## PROBLEM DETAILS
Quote exactly and only this range of lines in the data below: the line that holds "(* The distance" to the line that holds "y) => dist x y", both included.

## EXERCISE DATA
####
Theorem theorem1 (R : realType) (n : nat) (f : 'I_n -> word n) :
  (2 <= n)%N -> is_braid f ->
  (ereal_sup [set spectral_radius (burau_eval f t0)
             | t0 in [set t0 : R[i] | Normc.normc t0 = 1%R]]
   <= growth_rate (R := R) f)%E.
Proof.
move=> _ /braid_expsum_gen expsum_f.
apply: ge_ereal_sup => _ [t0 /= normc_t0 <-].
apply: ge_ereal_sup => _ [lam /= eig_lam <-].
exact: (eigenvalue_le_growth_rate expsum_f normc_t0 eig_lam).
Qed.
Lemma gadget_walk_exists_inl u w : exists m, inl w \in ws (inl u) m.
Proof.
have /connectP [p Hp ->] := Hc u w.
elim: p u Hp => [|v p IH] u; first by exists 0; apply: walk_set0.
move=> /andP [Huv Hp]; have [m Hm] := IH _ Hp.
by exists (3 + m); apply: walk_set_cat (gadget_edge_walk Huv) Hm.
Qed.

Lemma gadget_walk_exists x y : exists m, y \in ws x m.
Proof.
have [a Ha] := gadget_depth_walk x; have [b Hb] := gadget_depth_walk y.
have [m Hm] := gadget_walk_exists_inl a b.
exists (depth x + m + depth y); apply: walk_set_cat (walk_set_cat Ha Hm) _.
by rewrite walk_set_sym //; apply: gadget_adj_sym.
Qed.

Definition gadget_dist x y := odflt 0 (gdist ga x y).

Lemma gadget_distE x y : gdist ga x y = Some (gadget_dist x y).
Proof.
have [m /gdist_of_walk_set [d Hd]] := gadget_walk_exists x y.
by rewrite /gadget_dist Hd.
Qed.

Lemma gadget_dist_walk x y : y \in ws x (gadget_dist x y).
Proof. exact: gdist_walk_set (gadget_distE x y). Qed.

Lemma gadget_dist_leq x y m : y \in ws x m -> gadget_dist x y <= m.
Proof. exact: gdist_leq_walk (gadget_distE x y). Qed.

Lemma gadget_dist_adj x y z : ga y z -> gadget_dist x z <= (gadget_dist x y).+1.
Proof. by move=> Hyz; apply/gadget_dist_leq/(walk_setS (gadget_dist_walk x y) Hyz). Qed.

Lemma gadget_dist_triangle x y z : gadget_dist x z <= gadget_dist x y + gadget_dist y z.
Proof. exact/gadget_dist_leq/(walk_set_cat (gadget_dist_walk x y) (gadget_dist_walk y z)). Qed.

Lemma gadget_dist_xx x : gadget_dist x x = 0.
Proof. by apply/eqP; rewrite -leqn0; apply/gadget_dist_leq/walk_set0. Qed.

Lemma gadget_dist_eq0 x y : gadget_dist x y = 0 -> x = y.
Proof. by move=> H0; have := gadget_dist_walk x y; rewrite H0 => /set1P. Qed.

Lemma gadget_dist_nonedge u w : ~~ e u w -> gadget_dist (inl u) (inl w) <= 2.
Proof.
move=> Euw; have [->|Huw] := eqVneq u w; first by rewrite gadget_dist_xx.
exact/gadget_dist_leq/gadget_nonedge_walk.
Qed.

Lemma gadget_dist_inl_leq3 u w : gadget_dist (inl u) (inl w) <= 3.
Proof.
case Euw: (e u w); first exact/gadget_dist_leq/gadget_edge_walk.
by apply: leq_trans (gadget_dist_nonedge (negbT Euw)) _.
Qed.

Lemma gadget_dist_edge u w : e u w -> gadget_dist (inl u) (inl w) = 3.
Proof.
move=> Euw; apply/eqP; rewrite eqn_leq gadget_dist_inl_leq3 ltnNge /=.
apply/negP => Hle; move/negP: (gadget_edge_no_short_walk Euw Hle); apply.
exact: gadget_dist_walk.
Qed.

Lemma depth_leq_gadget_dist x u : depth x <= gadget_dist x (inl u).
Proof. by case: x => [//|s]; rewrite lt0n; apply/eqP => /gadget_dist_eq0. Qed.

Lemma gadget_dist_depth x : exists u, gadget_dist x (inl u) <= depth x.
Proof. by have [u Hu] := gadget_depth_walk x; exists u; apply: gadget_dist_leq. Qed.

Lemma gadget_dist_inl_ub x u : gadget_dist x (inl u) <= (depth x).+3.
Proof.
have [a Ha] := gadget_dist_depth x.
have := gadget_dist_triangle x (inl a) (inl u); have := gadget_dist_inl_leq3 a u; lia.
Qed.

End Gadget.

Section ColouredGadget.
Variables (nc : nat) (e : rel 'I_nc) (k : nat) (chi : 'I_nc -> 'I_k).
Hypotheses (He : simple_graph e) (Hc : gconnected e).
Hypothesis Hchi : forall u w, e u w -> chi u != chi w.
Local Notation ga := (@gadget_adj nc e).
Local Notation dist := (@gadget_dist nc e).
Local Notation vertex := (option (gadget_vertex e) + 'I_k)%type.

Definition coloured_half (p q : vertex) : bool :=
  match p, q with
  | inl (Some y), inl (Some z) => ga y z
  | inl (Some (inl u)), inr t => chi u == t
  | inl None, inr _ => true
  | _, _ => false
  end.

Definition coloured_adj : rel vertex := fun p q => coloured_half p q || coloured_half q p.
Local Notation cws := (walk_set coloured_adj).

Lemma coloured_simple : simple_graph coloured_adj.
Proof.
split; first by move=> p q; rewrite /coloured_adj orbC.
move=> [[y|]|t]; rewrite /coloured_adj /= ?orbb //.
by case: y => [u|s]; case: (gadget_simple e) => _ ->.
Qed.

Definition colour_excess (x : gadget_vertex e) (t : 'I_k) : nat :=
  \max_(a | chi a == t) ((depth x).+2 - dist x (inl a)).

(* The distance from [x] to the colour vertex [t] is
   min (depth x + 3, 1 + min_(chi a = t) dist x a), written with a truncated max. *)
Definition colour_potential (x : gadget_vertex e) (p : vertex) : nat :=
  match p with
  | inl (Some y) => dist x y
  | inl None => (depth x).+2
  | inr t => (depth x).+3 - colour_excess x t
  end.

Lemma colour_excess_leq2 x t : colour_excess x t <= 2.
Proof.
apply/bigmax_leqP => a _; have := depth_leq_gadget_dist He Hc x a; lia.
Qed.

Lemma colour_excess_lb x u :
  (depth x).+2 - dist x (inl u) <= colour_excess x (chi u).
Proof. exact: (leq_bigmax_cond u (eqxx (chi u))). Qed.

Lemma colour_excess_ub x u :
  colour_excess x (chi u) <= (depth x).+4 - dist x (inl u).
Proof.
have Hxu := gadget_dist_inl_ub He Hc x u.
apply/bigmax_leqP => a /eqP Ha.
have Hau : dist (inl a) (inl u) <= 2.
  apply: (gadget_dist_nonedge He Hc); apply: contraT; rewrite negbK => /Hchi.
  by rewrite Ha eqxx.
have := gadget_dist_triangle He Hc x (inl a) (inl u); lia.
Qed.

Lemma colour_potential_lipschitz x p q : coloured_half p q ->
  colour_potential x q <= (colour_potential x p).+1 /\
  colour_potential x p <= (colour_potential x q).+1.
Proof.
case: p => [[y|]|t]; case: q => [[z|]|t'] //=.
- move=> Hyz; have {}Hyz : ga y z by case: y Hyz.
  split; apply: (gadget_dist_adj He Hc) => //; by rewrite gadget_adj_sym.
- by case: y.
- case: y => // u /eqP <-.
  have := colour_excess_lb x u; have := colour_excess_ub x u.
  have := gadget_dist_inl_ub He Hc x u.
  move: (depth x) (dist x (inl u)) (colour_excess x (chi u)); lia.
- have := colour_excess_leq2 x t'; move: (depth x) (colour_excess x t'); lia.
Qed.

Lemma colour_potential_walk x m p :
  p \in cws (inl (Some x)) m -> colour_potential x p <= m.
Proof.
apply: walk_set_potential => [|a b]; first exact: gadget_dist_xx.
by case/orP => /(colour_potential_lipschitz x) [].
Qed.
####
## ANSWER TO THE PROBLEM
(* The distance from [x] to the colour vertex [t] is
   min (depth x + 3, 1 + min_(chi a = t) dist x a), written with a truncated max. *)
Definition colour_potential (x : gadget_vertex e) (p : vertex) : nat :=
  match p with
  | inl (Some y) => dist x y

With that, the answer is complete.